**Exercise**
Search the data for the word "finType" and copy every line where it occurs.

Records for the exercise: Begin

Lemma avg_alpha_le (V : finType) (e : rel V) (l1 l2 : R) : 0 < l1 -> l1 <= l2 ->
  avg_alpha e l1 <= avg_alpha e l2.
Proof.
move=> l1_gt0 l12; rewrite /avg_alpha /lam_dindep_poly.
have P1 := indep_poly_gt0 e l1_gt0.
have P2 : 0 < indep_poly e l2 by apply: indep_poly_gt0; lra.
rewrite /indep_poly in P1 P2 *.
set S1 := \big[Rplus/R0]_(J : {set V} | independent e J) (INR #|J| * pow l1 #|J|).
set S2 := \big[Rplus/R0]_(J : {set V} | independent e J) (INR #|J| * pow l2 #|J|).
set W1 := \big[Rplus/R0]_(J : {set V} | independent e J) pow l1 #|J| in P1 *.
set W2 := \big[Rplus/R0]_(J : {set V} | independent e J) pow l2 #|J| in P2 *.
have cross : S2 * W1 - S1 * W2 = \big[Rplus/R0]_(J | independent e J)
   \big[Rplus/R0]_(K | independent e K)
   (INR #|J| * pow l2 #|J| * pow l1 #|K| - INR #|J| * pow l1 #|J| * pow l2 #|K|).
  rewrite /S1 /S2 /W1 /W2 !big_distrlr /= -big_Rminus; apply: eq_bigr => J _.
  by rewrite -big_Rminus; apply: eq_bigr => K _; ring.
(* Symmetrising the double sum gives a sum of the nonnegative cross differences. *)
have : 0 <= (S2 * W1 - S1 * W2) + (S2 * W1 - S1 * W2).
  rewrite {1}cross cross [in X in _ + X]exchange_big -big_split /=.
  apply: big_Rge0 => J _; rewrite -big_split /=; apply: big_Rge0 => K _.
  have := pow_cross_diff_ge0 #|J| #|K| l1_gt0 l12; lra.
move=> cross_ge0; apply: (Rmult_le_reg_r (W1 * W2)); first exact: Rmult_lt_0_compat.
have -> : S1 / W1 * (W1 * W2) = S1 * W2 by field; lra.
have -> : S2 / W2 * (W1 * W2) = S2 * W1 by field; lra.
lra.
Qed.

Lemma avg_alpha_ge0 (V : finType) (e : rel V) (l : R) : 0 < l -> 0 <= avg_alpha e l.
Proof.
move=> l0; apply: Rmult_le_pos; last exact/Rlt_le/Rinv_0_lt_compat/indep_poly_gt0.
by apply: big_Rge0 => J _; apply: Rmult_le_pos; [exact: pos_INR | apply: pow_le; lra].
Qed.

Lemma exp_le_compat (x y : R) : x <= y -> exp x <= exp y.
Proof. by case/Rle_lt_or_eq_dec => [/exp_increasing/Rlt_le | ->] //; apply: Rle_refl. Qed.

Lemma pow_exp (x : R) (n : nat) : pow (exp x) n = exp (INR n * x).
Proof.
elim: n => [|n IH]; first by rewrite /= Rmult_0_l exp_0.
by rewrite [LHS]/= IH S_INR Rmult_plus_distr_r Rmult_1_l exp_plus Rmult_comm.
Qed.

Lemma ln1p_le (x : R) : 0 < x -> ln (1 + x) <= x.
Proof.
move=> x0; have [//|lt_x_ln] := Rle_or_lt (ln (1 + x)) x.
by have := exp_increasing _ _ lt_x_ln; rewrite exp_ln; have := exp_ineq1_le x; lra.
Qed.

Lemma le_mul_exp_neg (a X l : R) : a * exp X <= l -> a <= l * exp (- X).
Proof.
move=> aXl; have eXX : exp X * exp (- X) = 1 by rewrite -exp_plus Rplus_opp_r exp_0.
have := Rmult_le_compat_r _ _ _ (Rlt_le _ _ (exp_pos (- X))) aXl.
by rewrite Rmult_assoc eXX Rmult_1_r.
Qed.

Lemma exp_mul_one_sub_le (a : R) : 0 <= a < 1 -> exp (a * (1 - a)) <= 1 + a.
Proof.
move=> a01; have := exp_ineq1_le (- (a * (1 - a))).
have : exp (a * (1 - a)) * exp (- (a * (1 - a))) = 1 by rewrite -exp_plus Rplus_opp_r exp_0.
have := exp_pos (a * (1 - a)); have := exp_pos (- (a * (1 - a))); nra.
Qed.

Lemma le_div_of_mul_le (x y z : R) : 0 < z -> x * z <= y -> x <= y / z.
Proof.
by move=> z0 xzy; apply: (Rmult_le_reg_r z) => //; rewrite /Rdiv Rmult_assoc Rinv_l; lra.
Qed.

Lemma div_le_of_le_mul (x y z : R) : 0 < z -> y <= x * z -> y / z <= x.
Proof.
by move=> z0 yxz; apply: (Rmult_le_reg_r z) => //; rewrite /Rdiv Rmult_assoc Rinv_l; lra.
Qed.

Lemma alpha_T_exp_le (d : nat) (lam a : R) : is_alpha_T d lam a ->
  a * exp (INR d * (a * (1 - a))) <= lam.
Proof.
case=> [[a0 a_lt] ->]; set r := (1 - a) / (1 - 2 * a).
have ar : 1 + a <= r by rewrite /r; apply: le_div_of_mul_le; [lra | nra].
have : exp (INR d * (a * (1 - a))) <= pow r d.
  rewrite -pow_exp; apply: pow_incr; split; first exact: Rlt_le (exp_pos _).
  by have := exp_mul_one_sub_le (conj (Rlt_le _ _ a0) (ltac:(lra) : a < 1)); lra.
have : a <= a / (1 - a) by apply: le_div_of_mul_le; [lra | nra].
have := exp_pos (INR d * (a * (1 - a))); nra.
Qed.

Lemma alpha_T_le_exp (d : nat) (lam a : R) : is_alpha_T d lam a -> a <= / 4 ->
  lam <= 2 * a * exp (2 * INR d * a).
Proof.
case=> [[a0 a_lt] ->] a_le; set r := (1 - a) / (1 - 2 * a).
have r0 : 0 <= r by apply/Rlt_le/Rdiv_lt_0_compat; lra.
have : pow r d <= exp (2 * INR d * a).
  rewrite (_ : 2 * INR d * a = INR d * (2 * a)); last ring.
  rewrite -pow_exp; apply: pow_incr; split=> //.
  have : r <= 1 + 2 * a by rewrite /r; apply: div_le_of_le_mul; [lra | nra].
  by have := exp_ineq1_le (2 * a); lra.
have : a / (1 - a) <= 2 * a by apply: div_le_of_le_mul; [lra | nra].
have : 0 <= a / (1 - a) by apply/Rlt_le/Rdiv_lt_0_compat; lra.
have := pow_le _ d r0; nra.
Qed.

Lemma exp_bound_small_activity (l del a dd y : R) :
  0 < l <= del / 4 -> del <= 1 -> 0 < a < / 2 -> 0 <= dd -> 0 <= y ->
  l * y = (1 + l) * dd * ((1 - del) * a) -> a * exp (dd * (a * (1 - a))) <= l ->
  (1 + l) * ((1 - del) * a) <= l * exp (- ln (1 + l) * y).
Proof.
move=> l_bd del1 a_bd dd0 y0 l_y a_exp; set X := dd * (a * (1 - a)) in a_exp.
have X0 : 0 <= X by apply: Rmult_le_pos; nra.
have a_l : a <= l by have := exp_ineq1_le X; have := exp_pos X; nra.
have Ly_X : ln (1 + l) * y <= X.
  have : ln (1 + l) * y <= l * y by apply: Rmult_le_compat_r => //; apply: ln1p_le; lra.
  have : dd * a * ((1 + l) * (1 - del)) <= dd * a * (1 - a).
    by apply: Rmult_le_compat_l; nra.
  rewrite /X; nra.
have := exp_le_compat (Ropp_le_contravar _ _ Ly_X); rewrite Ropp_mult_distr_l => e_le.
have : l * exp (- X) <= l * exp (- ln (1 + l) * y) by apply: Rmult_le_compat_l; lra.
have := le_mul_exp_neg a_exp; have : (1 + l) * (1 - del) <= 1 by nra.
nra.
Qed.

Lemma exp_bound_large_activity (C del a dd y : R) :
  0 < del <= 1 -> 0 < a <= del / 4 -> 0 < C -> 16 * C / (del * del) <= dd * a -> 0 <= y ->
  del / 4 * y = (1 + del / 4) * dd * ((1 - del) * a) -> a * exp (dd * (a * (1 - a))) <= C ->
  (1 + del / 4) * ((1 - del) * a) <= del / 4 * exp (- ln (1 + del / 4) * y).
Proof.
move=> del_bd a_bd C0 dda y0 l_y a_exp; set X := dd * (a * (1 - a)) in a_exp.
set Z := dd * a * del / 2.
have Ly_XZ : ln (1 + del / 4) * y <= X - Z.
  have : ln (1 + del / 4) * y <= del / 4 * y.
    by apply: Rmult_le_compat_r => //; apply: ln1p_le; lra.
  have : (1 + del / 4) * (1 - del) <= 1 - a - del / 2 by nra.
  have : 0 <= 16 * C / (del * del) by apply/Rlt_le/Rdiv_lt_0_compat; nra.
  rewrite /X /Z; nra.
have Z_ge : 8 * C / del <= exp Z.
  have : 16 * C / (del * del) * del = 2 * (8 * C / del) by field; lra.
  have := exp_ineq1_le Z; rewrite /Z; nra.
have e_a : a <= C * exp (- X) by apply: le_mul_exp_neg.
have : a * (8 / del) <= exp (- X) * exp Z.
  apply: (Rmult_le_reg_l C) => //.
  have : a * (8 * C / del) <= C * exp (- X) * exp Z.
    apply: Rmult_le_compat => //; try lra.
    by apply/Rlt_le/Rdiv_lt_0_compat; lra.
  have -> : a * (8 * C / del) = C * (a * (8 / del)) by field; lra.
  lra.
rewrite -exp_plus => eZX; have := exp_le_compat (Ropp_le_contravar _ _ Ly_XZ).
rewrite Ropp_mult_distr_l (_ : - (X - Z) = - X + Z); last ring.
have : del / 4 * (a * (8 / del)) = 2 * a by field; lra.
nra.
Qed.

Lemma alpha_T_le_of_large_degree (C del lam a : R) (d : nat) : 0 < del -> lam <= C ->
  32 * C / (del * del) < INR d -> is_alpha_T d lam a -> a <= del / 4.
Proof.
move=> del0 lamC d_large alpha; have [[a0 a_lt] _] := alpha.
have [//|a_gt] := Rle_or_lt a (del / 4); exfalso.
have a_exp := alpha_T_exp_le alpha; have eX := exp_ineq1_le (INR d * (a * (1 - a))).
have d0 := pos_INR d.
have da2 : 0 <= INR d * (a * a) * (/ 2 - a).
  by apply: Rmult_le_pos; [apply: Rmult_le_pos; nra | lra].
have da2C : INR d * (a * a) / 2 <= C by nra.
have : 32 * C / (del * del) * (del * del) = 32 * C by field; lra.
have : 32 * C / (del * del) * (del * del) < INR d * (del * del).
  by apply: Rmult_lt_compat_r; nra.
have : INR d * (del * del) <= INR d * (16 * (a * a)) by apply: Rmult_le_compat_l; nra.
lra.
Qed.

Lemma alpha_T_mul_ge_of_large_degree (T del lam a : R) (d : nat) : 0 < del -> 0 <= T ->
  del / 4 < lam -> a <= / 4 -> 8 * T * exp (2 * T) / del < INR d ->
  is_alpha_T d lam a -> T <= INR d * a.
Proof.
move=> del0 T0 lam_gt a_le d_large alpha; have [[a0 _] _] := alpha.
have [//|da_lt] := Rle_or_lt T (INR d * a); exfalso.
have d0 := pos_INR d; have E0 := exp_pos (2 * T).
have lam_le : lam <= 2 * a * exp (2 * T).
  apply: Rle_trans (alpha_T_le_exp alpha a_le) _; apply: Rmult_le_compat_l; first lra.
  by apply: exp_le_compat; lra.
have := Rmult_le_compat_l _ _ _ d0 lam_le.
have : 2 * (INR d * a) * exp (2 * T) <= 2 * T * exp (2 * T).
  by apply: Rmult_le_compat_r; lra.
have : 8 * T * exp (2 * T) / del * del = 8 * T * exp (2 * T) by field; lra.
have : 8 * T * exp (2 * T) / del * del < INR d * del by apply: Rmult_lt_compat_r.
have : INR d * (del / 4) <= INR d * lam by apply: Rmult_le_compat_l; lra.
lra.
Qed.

Records for the exercise: End

**Solution to this task**
Lemma avg_alpha_le (V : finType) (e : rel V) (l1 l2 : R) : 0 < l1 -> l1 <= l2 ->
Lemma avg_alpha_ge0 (V : finType) (e : rel V) (l : R) : 0 < l -> 0 <= avg_alpha e l.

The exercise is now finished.